Chairperson of the Standing Committee on Public Accounts
- In office 4 June 2019 – 28 May 2024
- Preceded by: Ferlon Christians

Member of the Western Cape Provincial Parliament
- Incumbent
- Assumed office 22 May 2019
- Constituency: 28 May 2024

Mayor of the Bitou Local Municipality
- In office 2006–2011
- Preceded by: Euan Wilderman
- Succeeded by: Memory Booysen
- In office 1995–1998
- Preceded by: Paul Scheepers
- Succeeded by: Euan Wilderman

Personal details
- Born: 3 August 1973 (age 52)
- Party: African National Congress
- Occupation: Politician

= Lulama Mvimbi =

South African politician

Lulama Lennox Mvimbi is a South African politician, party member of the African National Congress and a Member of the Western Cape Provincial Parliament from 22 May 2019 until 28 May 2024. He was the Mayor of the Bitou Local Municipality for two nonconsecutive terms, from 1995 to 1998 and again from 2006 to 2011, respectively.
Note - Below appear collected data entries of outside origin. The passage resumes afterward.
(* Let $G=(V,E)$ be a finite directed acyclic graph, $G'=(V,E')$ its minimum equivalent graph, and $f:V\to S$ a stream assignment satisfying maximum logical concurrency on $G'$. Then $\mathrm{min}_{sync}(G',f)=|E'|-|Q(f)|$.
   Context: A path from $u$ to $v$ in a directed graph is a nonempty sequence of edges $(u,w_1),\dots,(w_k,v)$ of that graph. The minimum equivalent graph (MEG) of a finite DAG $G=(V,E)$ is the subgraph $G'=(V,E')$, $E'\subseteq E$, with the same vertex set and the smallest number of edges among subgraphs having the same reachability relation as $G$. A stream assignment is a function $f:V\to S$ into a set of streams $S$; it satisfies maximum logical concurrency on $G'$ if for all distinct $u,v\in V$ with no path between them in either direction in $G'$, $f(u)\neq f(v)$. A synchronization plan $\Lambda\subseteq E'$ is safe for $f$ on $G'$ if for every edge $(u,v)\in E'$, either $f(u)=f(v)$ or there is a path $P\subseteq E'$ from $u$ to $v$ with $P\cap\Lambda\neq\emptyset$; $\mathrm{min}_{sync}(G',f)=\min\{|\Lambda| : \Lambda\subseteq E' \text{ safe for } f \text{ on } G'\}$. Define $Q(f)=\{v\in V : \exists p\in V \text{ with } (p,v)\in E' \text{ and } f(p)=f(v)\}$. *)

From mathcomp Require Import all_boot.
From Stdlib Require Import ClassicalEpsilon.
Set Implicit Arguments. Unset Strict Implicit. Unset Printing Implicit Defensive.

Section Graphs.
Variable V : finType.

Definition edge_rel (E : {set V * V}) : rel V := fun x y => (x, y) \in E.

Definition walk_edges (u : V) (p : seq V) : seq (V * V) := zip (u :: p) p.

(* A path from u to v in E: a NONEMPTY sequence of edges of E
   (u,w1),(w1,w2),...,(wk,v), encoded by the vertex list p = [w1;..;wk;v]. *)
Definition is_path (E : {set V * V}) (u v : V) (p : seq V) : Prop :=
  [/\ p != [::], path (edge_rel E) u p & last u p = v].

Definition reach (E : {set V * V}) (u v : V) : Prop :=
  exists p, is_path E u v p.

Definition acyclic (E : {set V * V}) : Prop := forall u, ~ reach E u u.

Definition same_reach (E1 E2 : {set V * V}) : Prop :=
  forall u v, reach E1 u v <-> reach E2 u v.

Definition is_MEG (E E' : {set V * V}) : Prop :=
  [/\ E' \subset E, same_reach E E' &
      forall E'' : {set V * V}, E'' \subset E -> same_reach E E'' ->
        #|E'| <= #|E''| ].

Variable S : eqType.

Definition max_logical_concurrency (E' : {set V * V}) (f : V -> S) : Prop :=
  forall u v, u != v -> ~ reach E' u v -> ~ reach E' v u -> f u != f v.

Definition safe_plan (E' : {set V * V}) (f : V -> S) (L : {set V * V}) : Prop :=
  L \subset E' /\
  forall u v, (u, v) \in E' ->
    f u = f v \/
    exists p, is_path E' u v p /\ has (fun e => e \in L) (walk_edges u p).

Definition safe_planb (E' : {set V * V}) (f : V -> S) (L : {set V * V}) : bool :=
  if excluded_middle_informative (safe_plan E' f L) then true else false.

(* min_sync(E', f) = min { |L| : L safe for f on E' }.  Every safe plan is a
   subset of E', and E' itself is safe, so #|E'| is a harmless neutral
   element for the minimum. *)
Definition min_sync (E' : {set V * V}) (f : V -> S) : nat :=
  \big[minn/#|E'|]_(L : {set V * V} | safe_planb E' f L) #|L|.

Definition Qset (E' : {set V * V}) (f : V -> S) : {set V} :=
  [set v | [exists p, ((p, v) \in E') && (f p == f v)]].

End Graphs.

From HB Require Import structures.
From mathcomp Require Import all_boot.
From Stdlib Require Import ClassicalEpsilon.
Set Implicit Arguments. Unset Strict Implicit. Unset Printing Implicit Defensive.

(* 1. Paths and reachability: concatenation, monotonicity in the edge set, and
      the fact that reachability only depends on which edges are reachable.
   2. A minimum equivalent graph E' is irredundant: no edge (u,v) of E' can be
      replaced by another u-v path of E' (otherwise E' minus (u,v) would be a
      smaller equivalent subgraph).  If moreover E is acyclic, so is E', and
      any u-v path of E' through the edge (u,v) is that edge alone.  Hence the
      ONLY path of E' joining the endpoints of an edge is the edge itself.
   3. In such a graph a plan L is safe iff it contains all cross-stream edges
      D = {(u,v) in E' | f u <> f v}; so min_sync = |D|.
   4. Under maximum logical concurrency two same-stream edges cannot enter the
      same vertex, so the target map is a bijection from the same-stream edges
      C onto Q(f).  As E' is the disjoint union of C and D, |D| = |E'| - |Q(f)|. *)

Section BigMin.

(* minn is associative and commutative, which lets a term be pulled out of a
   \big[minn/m] (big_rem_AC) even though minn has no neutral element. *)
HB.instance Definition _ := SemiGroup.isComLaw.Build nat minn minnA minnC.

Lemma bigmin_attained (I : finType) (P : pred I) (F : I -> nat) m x0 :
  P x0 -> F x0 <= m -> (forall x, P x -> F x0 <= F x) ->
  \big[minn/m]_(x | P x) F x = F x0.
Proof.
move=> Px0 le_m le_F; apply/eqP; rewrite eqn_leq; apply/andP; split.
- by rewrite (big_rem_AC _ _ _ _ (mem_index_enum x0)) Px0 geq_minl.
- by apply: (big_ind (fun n => F x0 <= n)) => // a b ha hb; rewrite leq_min ha hb.
Qed.

End BigMin.

Section Paths.
Variable V : finType.
Implicit Types (E : {set V * V}) (u v w : V) (p q : seq V).

Lemma is_path_cat E u v w p q :
  is_path E u v p -> is_path E v w q -> is_path E u w (p ++ q).
Proof.
case=> p0 pp pl [q0 qp ql]; split.
- by case: p p0 {pp pl}.
- by rewrite cat_path pp pl.
- by rewrite last_cat pl.
Qed.

Lemma reach_edge E u v : (u, v) \in E -> reach E u v.
Proof. by move=> uv; exists [:: v]; split; rewrite //= /edge_rel uv. Qed.

Lemma reach_trans E u v w : reach E u v -> reach E v w -> reach E u w.
Proof. by case=> p hp [q hq]; exists (p ++ q); apply: is_path_cat hp hq. Qed.

Lemma reach_mono E1 E2 u v : E1 \subset E2 -> reach E1 u v -> reach E2 u v.
Proof.
move=> sub [p [p0 pp pl]]; exists p; split=> //.
by apply: sub_path pp => x y; apply: (subsetP sub).
Qed.

Lemma reach_of_edges E1 E2 u v :
  (forall a b, (a, b) \in E1 -> reach E2 a b) -> reach E1 u v -> reach E2 u v.
Proof.
move=> bridge [p [p0 pp <-]] {v}.
elim: p u p0 pp => [//|a q IH] u _ /= /andP[ua aq].
case: q IH aq => [|b q] IH aq; first exact: bridge.
exact: reach_trans (bridge _ _ ua) (IH a isT aq).
Qed.

Lemma acyclic_same_reach E1 E2 : acyclic E1 -> same_reach E1 E2 -> acyclic E2.
Proof. by move=> ac sr u /sr; apply: ac. Qed.

Lemma walk_edges_split u p a b : (a, b) \in walk_edges u p ->
  exists p1 p2, p = p1 ++ b :: p2 /\ last u p1 = a.
Proof.
elim: p u => [//|c q IH] u; rewrite /walk_edges /= inE.
case/orP=> [/eqP[-> ->]|/IH[q1 [q2 [-> lq1]]]]; first by exists [::], q.
by exists (c :: q1), q2.
Qed.

Lemma acyclic_path_through_edge E u v p : acyclic E ->
  is_path E u v p -> (u, v) \in walk_edges u p -> p = [:: v].
Proof.
move=> ac [_ pp pl] /walk_edges_split[p1 [p2 [def_p lp1]]].
move: pp pl; rewrite def_p cat_path last_cat /= => /andP[pp1 /andP[_ pp2]] lp2.
case: p1 def_p lp1 pp1 => [_ lp1 _ | w p1 _ lp1 pp1].
  case: p2 lp2 pp2 => [//|w p2] lp2 pp2.
  by case: (ac v); exists (w :: p2).
by case: (ac u); exists (w :: p1).
Qed.

Lemma path_avoiding E e u p : path (edge_rel E) u p ->
  e \notin walk_edges u p -> path (edge_rel (E :\ e)) u p.
Proof.
elim: p u => [//|c q IH] u /= /andP[uc cq]; rewrite /walk_edges /= inE negb_or.
case/andP=> ne nq; rewrite IH // andbT.
by rewrite /edge_rel in_setD1 eq_sym ne; exact: uc.
Qed.

(* Edge-irredundancy: the only path of E joining the ends of an edge of E is
   that edge itself.  This is the transitive-reduction property of the MEG. *)
Definition edge_irredundant E : Prop :=
  forall u v p, (u, v) \in E -> is_path E u v p -> p = [:: v].

Lemma irredundant_no_reach E a b v : edge_irredundant E ->
  (a, v) \in E -> (b, v) \in E -> ~ reach E a b.
Proof.
move=> irr av bv [q hq].
have hqv : is_path E a v (q ++ [:: v]).
  by apply: is_path_cat hq _; split; rewrite //= /edge_rel bv.
case: hq => q0 _ _; move/(congr1 size): (irr _ _ _ av hqv).
by rewrite size_cat /= addn1; case: q q0 {hqv}.
Qed.

(* A minimum equivalent graph has no edge whose endpoints are still joined
   after removing it: otherwise E' minus that edge would be smaller. *)
Lemma MEG_edge_essential E E' u v : is_MEG E E' -> (u, v) \in E' ->
  ~ reach (E' :\ (u, v)) u v.
Proof.
case=> sub sr minE' uv r.
have sub' : E' :\ (u, v) \subset E by apply: subset_trans (subD1set _ _) sub.
suff /minE' : same_reach E (E' :\ (u, v)).
  by rewrite (cardsD1 (u, v) E') uv add1n ltnn => /(_ sub').
move=> x y; split=> [/sr|]; last exact: reach_mono.
apply: reach_of_edges => a c ac.
case: (eqVneq (a, c) (u, v)) => [[-> ->] //|ne].
by apply: reach_edge; rewrite in_setD1 ne ac.
Qed.

(* The MEG of an acyclic graph is edge-irredundant: a u-v path either uses
   the edge (u,v), and is then that edge by acyclicity, or avoids it, which
   edge-essentiality forbids. *)
Lemma MEG_edge_irredundant E E' : acyclic E -> is_MEG E E' ->
  edge_irredundant E'.
Proof.
move=> ac meg u v p uv hp.
have ac' : acyclic E' by apply: acyclic_same_reach ac _; case: meg.
case: (boolP ((u, v) \in walk_edges u p)) => [through|avoid].
  exact: acyclic_path_through_edge hp through.
case: (MEG_edge_essential meg uv); exists p.
by case: hp => p0 pp pl; split=> //; apply: path_avoiding.
Qed.

End Paths.

Section Synchronization.
Variables (V : finType) (S : eqType) (E' : {set V * V}) (f : V -> S).

Definition cross_edges : {set V * V} := [set e in E' | f e.1 != f e.2].
Definition same_edges : {set V * V} := [set e in E' | f e.1 == f e.2].

Lemma card_edges_split : #|E'| = #|same_edges| + #|cross_edges|.
Proof.
rewrite -(cardsID same_edges E'); congr (_ + _); apply: eq_card => e;
  by rewrite !inE; case: (e \in E'); rewrite ?andbF ?andbT.
Qed.

Lemma cross_edges_sub : cross_edges \subset E'.
Proof. by apply/subsetP => e; rewrite inE => /andP[]. Qed.

Hypothesis irr : edge_irredundant E'.

(* Since an edge is the only path between its ends, it is synchronized only
   if it lies in the plan itself: safe plans are the supersets of D. *)
Lemma safe_planE L : safe_plan E' f L <-> (L \subset E') && (cross_edges \subset L).
Proof.
split=> [[sL safe] | /andP[sL sD]].
- rewrite sL /=; apply/subsetP => -[u v]; rewrite inE /= => /andP[uv neq].
  case: (safe u v uv) => [eq|[p [hp hasL]]]; first by rewrite eq eqxx in neq.
  by move: hasL; rewrite (irr uv hp) /= orbF.
- split=> // u v uv; case: (eqVneq (f u) (f v)) => [eq|neq]; [by left | right].
  exists [:: v]; split; first by split; rewrite //= /edge_rel uv.
  by rewrite /= orbF; apply: (subsetP sD); rewrite inE uv.
Qed.

Lemma min_sync_cross : min_sync E' f = #|cross_edges|.
Proof.
have safeE L : safe_planb E' f L = (L \subset E') && (cross_edges \subset L).
  rewrite /safe_planb; case: excluded_middle_informative => [/safe_planE -> //|].
  by move=> unsafe; apply/esym/negP => /safe_planE.
apply: bigmin_attained; rewrite ?safeE ?cross_edges_sub ?subxx //.
  exact: subset_leq_card cross_edges_sub.
by move=> L; rewrite safeE => /andP[_]; apply: subset_leq_card.
Qed.

Hypothesis mlc : max_logical_concurrency E' f.

(* Q(f) is the set of targets of same-stream edges, and the target map is
   injective on them: two distinct same-stream sources of v would be
   incomparable, hence on different streams. *)
Lemma card_same_edges : #|same_edges| = #|Qset E' f|.
Proof.
have -> : Qset E' f = [set e.2 | e in same_edges].
  apply/setP => v; rewrite inE; apply/existsP/imsetP.
  - by case=> p pv; exists (p, v); rewrite // inE.
  - by case=> -[p w]; rewrite inE /= => pw ->; exists p.
rewrite card_in_imset // => -[p1 v] [p2 v2]; rewrite !inE /=.
move=> /andP[e1 /eqP f1] /andP[e2 /eqP f2] /= ev; subst v2.
case: (eqVneq p1 p2) => [-> //|ne]; exfalso.
have /negP := mlc ne (irredundant_no_reach irr e1 e2) (irredundant_no_reach irr e2 e1).
by rewrite f1 f2 eqxx.
Qed.

End Synchronization.

Theorem lemma4 (V : finType) (S : eqType) (E E' : {set V * V}) (f : V -> S) :
  acyclic E -> is_MEG E E' -> max_logical_concurrency E' f ->
  min_sync E' f = #|E'| - #|Qset E' f|.
Proof.
move=> acE meg mlc.
have irr : edge_irredundant E' := MEG_edge_irredundant acE meg.
rewrite (min_sync_cross f irr) (card_edges_split E' f).
by rewrite (card_same_edges irr mlc) addKn.
Qed.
He also served as the mayor of the Eden District Municipality from 2003 to 2006. Mvimbi is the first African National Congress politician to hold the post of Chairperson of the Standing Committee on Public Accounts in the Western Cape Provincial Parliament.

==Career==
At the age of 22 in 1995, Mvimbi was elected Mayor of the Bitou Local Municipality. He served as mayor until 1998. Following his first stint as Mayor, he went on to study at the University of Cape Town.

Shortly after in 2000, he returned to the municipality and was elected a ward councillor for Kwanokuthula. He was elected Mayor of the Eden District Council in 2003 and served until 2006 when the African National Congress recruited Mvimbi to be the party's Bitou mayoral candidate ahead of the national municipal elections. He was elected Mayor and held the position until 2011. Mvimbi resigned as a PR municipal councillor in 2012.

Mvimbi was elected to the Western Cape Provincial Parliament in May 2019. He took office as a Member on 22 May 2019. The governing Democratic Alliance announced that it had offered the post of Chairperson of the Standing Committee on Public Accounts to the official opposition African National Congress. The ANC accepted the offer and nominated Mvimbi to head the committee. The Provincial Parliament confirmed him to the position on 4 June 2019.